Task to carry out:
Whenever the string "Kadj" turns up in a line below, that line should be copied.

Available data:
---

Lemma direct_sum_of_dicycles_perm :
  direct_sum_of_dicycles D -> exists s : 'S_n, forall i j, D i j = (j == s i).
Proof.
move=> [ss [all_ss uniq_ss cover_ss arcsD]].
pose cyc (i : 'I_n) := nth [::] ss (find (fun s => i \in s) ss).
have has_i i : has (fun s => i \in s) ss.
  by have /flattenP [s s_ss i_s] := cover_ss i; apply/hasP; exists s.
have cyc_ss i : cyc i \in ss by rewrite mem_nth // -has_find.
have cyc_i i : i \in cyc i by exact: nth_find (has_i i).
have cyc_eq i s : s \in ss -> i \in s -> s = cyc i.
  by move=> s_ss i_s; apply: mem_uniq_flatten_eq uniq_ss s_ss (cyc_ss i) i_s _.
have uniq_cyc i : uniq (cyc i) by have /andP [] := allP all_ss _ (cyc_ss i).
have inj_next : injective (fun i => next (cyc i) i).
  move=> i k eq_next.
  have cyc_ik : cyc i = cyc k.
    apply: (mem_uniq_flatten_eq uniq_ss (cyc_ss i) (cyc_ss k) (x := next (cyc i) i)).
      by rewrite mem_next.
    by rewrite eq_next mem_next.
  by have := prev_next (uniq_cyc i) i; rewrite eq_next cyc_ik prev_next.
exists (perm inj_next) => i j; rewrite permE arcsD.
apply/hasP/eqP => [[s s_ss /andP [i_s /eqP ->]]|->]; first by rewrite -(cyc_eq i s).
by exists (cyc i); rewrite // /dicycle_arcs cyc_i /=.
Qed.

Lemma perm_direct_sum_of_dicycles (s : 'S_n) :
  (forall i, s i != i) -> (forall i j, D i j = (j == s i)) ->
  direct_sum_of_dicycles D.
Proof.
move=> s_neq arcsD.
have orbit_sym : connect_sym (frel s) := fconnect_sym (@perm_inj _ s).
have next_orbit (x i : 'I_n) : i \in orbit s x -> next (orbit s x) i = s i.
  by move=> i_x; have /eqP := next_cycle (cycle_orbit (@perm_inj _ s) x) i_x.
have mem_orbit_root (v : 'I_n) : v \in orbit s (froot s v).
  by rewrite -fconnect_orbit orbit_sym connect_root.
pose roots := [seq x <- enum 'I_n | froots s x].
exists (map (orbit s) roots); split.
- apply/allP => _ /mapP [x _ ->]; rewrite orbit_uniq /=.
  apply: (uniq_leq_size (s1 := [:: x; s x])); first by rewrite /= inE eq_sym s_neq.
  by apply/allP; rewrite /= in_orbit mem_orbit // in_orbit.
- have : all (froots s) roots by apply/allP => x; rewrite mem_filter => /andP [].
  have : uniq roots by rewrite filter_uniq // enum_uniq.
  elim: roots => [//|x rs IH] /= /andP [x_rs uniq_rs] /andP [root_x roots_rs].
  rewrite cat_uniq orbit_uniq IH // andbT /=.
  apply/hasP => -[y /flattenP [_ /mapP [z z_rs ->] y_z] y_x].
  have xz : fconnect s x z.
    apply: (connect_trans (y := y)); first by rewrite fconnect_orbit.
    by rewrite orbit_sym fconnect_orbit.
  move/(fingraph.rootP orbit_sym): xz; rewrite (eqP root_x).
  by rewrite (eqP (allP roots_rs z z_rs)) => eq_xz; rewrite eq_xz z_rs in x_rs.
- move=> v; apply/flattenP; exists (orbit s (froot s v)) => //; apply: map_f.
  by rewrite mem_filter roots_root // mem_enum.
- move=> i j; rewrite arcsD; apply/eqP/hasP => [->|[_ /mapP [x _ ->]]].
    exists (orbit s (froot s i)).
      by apply: map_f; rewrite mem_filter roots_root ?mem_enum.
    by rewrite /dicycle_arcs mem_orbit_root next_orbit ?mem_orbit_root /=.
  by move=> /andP [i_x /eqP ->]; rewrite next_orbit.
Qed.

Lemma perm_of_out_arc_in_arc_uniq :
  (forall i, exists j, D i j) -> (forall i k j, D i j -> D k j -> i = k) ->
  exists s : 'S_n, forall i j, D i j = (j == s i).
Proof.
move=> out_arc in_uniq.
pose f i := odflt i [pick j | D i j].
have D_f i : D i (f i).
  rewrite /f; case: pickP => [//|no_arc].
  by have [j D_ij] := out_arc i; rewrite no_arc in D_ij.
have inj_f : injective f.
  by move=> i k f_ik; apply: (in_uniq _ _ _ (D_f i)); rewrite f_ik.
exists (perm inj_f) => i j; rewrite permE; apply/idP/eqP => [D_ij|->//].
have /codomP [k j_fk] := injF_onto inj_f j; rewrite j_fk in D_ij *.
by rewrite (in_uniq _ _ _ D_ij (D_f k)).
Qed.
End DirectSumOfDicycles.

Section GramMatrix.
Variables (R : realDomainType) (m n : nat) (M : 'M[R]_(m, n)).

Lemma mulmx_trmx_diag i : (M *m M^T) i i = \sum_j M i j ^+ 2.
Proof. by rewrite mxE; apply: eq_bigr => j _; rewrite mxE expr2. Qed.

Lemma mulmx_trmx_diag_ge0 i : 0 <= (M *m M^T) i i.
Proof. by rewrite mulmx_trmx_diag sumr_ge0 // => j _; rewrite sqr_ge0. Qed.
(* Testing K^* y against its truncation to the first n coordinates bounds every
   partial sum of |K^* y|^2 by (c |y|)^2. *)
Lemma l2norm_adjoint_le y : l2norm (Kadj y) <= c * `|y|.
Proof.
have [ell2_adj adj] := adjP; set v := Kadj y.
have cy_ge0 : 0 <= c * `|y| by rewrite mulr_ge0.
rewrite -[leRHS]ger0_norm // -sqrtr_sqr ler_sqrt ?sqr_ge0 //.
apply: limr_le; first exact: ell2_adj.
apply: nearW => n; set S := series _ n.
pose vn := coord_proj (fun j => (j < n)%N) v.
have vn0 k : (n <= k)%N -> vn k = 0 by rewrite /vn /coord_proj ltnNge => ->.
have e_vn : ell2 vn := ell2_finite_support vn0.
have ip_vn : ip (K vn) y = S.
  rewrite adj // (l2ip_finite_support _ vn0) /S /series /= !big_nat.
  by apply: eq_bigr => j /andP[_ jn]; rewrite /vn /coord_proj jn expr2.
have norm_vn : l2norm vn = Num.sqrt S.
  rewrite (l2norm_finite_support vn0) /S /series /= !big_nat.
  by congr Num.sqrt; apply: eq_bigr => j /andP[_ jn]; rewrite /vn /coord_proj jn.
have S_ge0 : 0 <= S by apply: sumr_ge0 => j _; exact: sqr_ge0.
have : Num.sqrt S ^+ 2 <= Num.sqrt S * (c * `|y|).
  rewrite sqr_sqrtr // -norm_vn -ip_vn mulrCA mulrA.
  by apply: le_trans (ip_le_norm ipP _ _) _; apply: ler_wpM2r => //; exact: K_le.
move=> /le_of_sqr_le_mul => /(_ (sqrtr_ge0 _) cy_ge0) le_sqrtS.
by rewrite -(sqr_sqrtr S_ge0) lerXn2r ?nnegrE ?sqrtr_ge0.
Qed.

End Adjoint.

Section SoftThreshold.
Variable R : realDomainType.
Implicit Types t x d : R.

Definition soft t x := Num.max 0 (`|x| - t) * Num.sg x.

---

Solution:
Lemma l2norm_adjoint_le y : l2norm (Kadj y) <= c * `|y|.
have [ell2_adj adj] := adjP; set v := Kadj y.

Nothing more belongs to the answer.